When people hear the term big data system, only a few are familiar with its concepts. Several business owners, however, may have a general idea. To them, big data analysis involves the collection of a massive amount of information being generated, then using such to craft meaningful insights and decisions. And they would be right about that. For the analyst, however, big data systems mean way more that that.

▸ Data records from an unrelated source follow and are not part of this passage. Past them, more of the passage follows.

Lemma dual_feasible_mix w ys (u : 'I_m -> R) t :
  dual_feasible A w ys -> 0 <= t -> (forall i, 0 <= u i) ->
  (forall j, \sum_i u i * aR i j = t * (w j 0)%:~R) ->
  dual_feasible A w (\col_i ((u i + ys i 0) / (t + 1))) /\
  dual_cost (\col_i ((u i + ys i 0) / (t + 1))) =
    (\sum_i u i * bR i + dual_cost ys) / (t + 1).
Proof.
move=> /dual_feasibleE [hw hy] ht hu hua.
have ht1 : t + 1 != 0 by rewrite gt_eqF //; lra.
split; last first.
  by rewrite /dual_cost -big_split /= mulr_suml; apply: eq_bigr => i _; rewrite mxE; field.
apply/dual_feasibleE; split => [j|i]; last by rewrite mxE divr_ge0 ?addr_ge0 //; lra.
have -> : (w j 0)%:~R = (t * (w j 0)%:~R + (w j 0)%:~R) / (t + 1) :> R by field.
by rewrite -hua -hw -big_split /= mulr_suml; apply: eq_bigr => i _ /=; rewrite mxE; field.
Qed.

Lemma strong_duality w ys : dual_optimal A b w ys ->
  exists x, polyhedron A b x /\ obj w x = dual_cost ys.
Proof.
move=> [hy hopt].
suff [x [hx hge]] : exists x, polyhedron A b x /\ dual_cost ys <= obj w x.
  by exists x; split => //; apply/le_anti; rewrite hge weak_duality.
apply: contrapT => hne.
pose a (k : option 'I_m) j : R := if k is Some i then aR i j else - (w j 0)%:~R.
pose be (k : option 'I_m) : R := if k is Some i then bR i else - dual_cost ys.
have /farkas [y [y0 ya yb]] : ~ feasible a be.
  move=> [x hx]; apply: hne; exists (\col_j x j).
  have hcol f : \sum_j f j * (\col_j x j) j 0 = dot f x.
    by apply: eq_bigr => j _; rewrite mxE.
  split; first by apply/polyhedronE => i; rewrite /Ax hcol; apply: hx (Some i).
  rewrite /obj hcol; have := hx None; rewrite /dot.
  by under eq_bigr do rewrite mulNr; rewrite sumrN lerN2.
pose t := y None; pose u i := y (Some i).
have hua j : \sum_i u i * aR i j = t * (w j 0)%:~R.
  by have := ya j; rewrite sum_option /= /u /t; lra.
have [hy' hc'] := dual_feasible_mix hy (y0 None) (fun i => y0 (Some i)) hua.
have ht1 : 0 < t + 1 by have := y0 None; rewrite /t; lra.
have := hopt _ hy'; rewrite !dual_costE hc' ler_pdivlMr //.
by move: yb; rewrite sum_option /= /u /t; lra.
Qed.

(* Homogenization of "A x <= b, w^T x >= c, (A x)_i0 <= b_i0 - 1": column
   [None] is the homogenizing variable [s], row [Some None] reads [s <= 0],
   and a solution [(z, s)] yields the point [(z + x0) / (1 - s)]. *)
Definition strict_row (c : R) (w : 'cV[int]_n) (k : option (option 'I_m))
    (j : option 'I_n) : R :=
  match k, j with
  | Some (Some i), Some j => aR i j
  | Some (Some i), None => bR i
  | Some None, Some _ => 0
  | Some None, None => 1
  | None, Some j => - (w j 0)%:~R
  | None, None => - c
  end.

Definition strict_rhs (i0 : 'I_m) (k : option (option 'I_m)) : R :=
  if k is Some (Some i) then - (i == i0)%:R else 0.

Lemma strict_system_point (c : R) w i0 x0 (z : option 'I_n -> R) :
  polyhedron A b x0 -> c <= obj w x0 ->
  (forall k, dot (strict_row c w k) z <= strict_rhs i0 k) ->
  exists x, [/\ polyhedron A b x, c <= obj w x & Ax x i0 < bR i0].
Proof.
move=> /polyhedronE hx0 hx0w hz.
have hs : z None <= 0.
  have := hz (Some None); rewrite /dot sum_option /= mul1r big1 ?addr0 // => j _.
  by rewrite mul0r.
have hs1 : 0 < - z None + 1 by lra.
pose x := \col_j ((z (Some j) + x0 j 0) / (- z None + 1)).
have hx f : \sum_j f j * x j 0 =
    (\sum_j f j * z (Some j) + \sum_j f j * x0 j 0) / (- z None + 1).
  rewrite -big_split /= mulr_suml; apply: eq_bigr => j _; rewrite mxE.
  by field; rewrite gt_eqF.
have hrow i : \sum_j aR i j * z (Some j) <= - (i == i0)%:R - bR i * z None.
  by have := hz (Some (Some i)); rewrite /dot sum_option /=; lra.
exists x; split.
- apply/polyhedronE => i; rewrite /Ax hx ler_pdivrMr // -/(Ax x0 i).
  by have := hrow i; have := hx0 i; have := ler0n R (i == i0); lra.
- rewrite /obj hx ler_pdivlMr // -/(obj w x0).
  have hobj : dot (strict_row c w None) z = - c * z None - \sum_j (w j 0)%:~R * z (Some j).
    rewrite /dot sum_option /= -sumrN; congr (_ + _).
    by apply: eq_bigr => j _; rewrite mulNr.
  by have := hz None; rewrite hobj /=; lra.
- rewrite /Ax hx ltr_pdivrMr // -/(Ax x0 i0).
  by have := hrow i0; have := hx0 i0; rewrite eqxx mulr1n; lra.
Qed.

Extricating Meaning from Mounds of Information
A big data analyst needs to have a specific set of skills in order to do his job. One such skill is understanding that data has meaning. Data scientist Dr. Steve Hanks stresses that most of the time, people tend to forget that data means something. Therefore, that meaning should be understood. Heaps of numbers and percentages are more than simple figures. What do they stand for? What do their current values mean to the success of the organization?
The Real Nature of Data
It was once said that if something can’t be measured, it doesn’t exist. In the world of data analytics, scientists tend to think the same way. When something is said to be ‘data-driven,’ scientists often mean it is ‘evidence-based.’ Something that’s data-driven is considered quantitative and/or tangible. It’s something that can be actually measured. Data, however, is not only quantitative. Qualitiative data are often missed out on by analysts trying to be ‘data-driven.’ Simply put, to derive meaning from a sea of information, an analyst must look at both natures of data and never either way around.
Bringing Everything into the Spotlight
After extricating the meaning, what now? An analyst’s final task is to make that meaning digestible. For that, he can resort to a simple method: visualization. One of the best ways to communicate a data set’s meaning is presenting the vital concepts graphically. The method obviously relies on the concept of visual learning, where a wall of text doesn’t hold sway.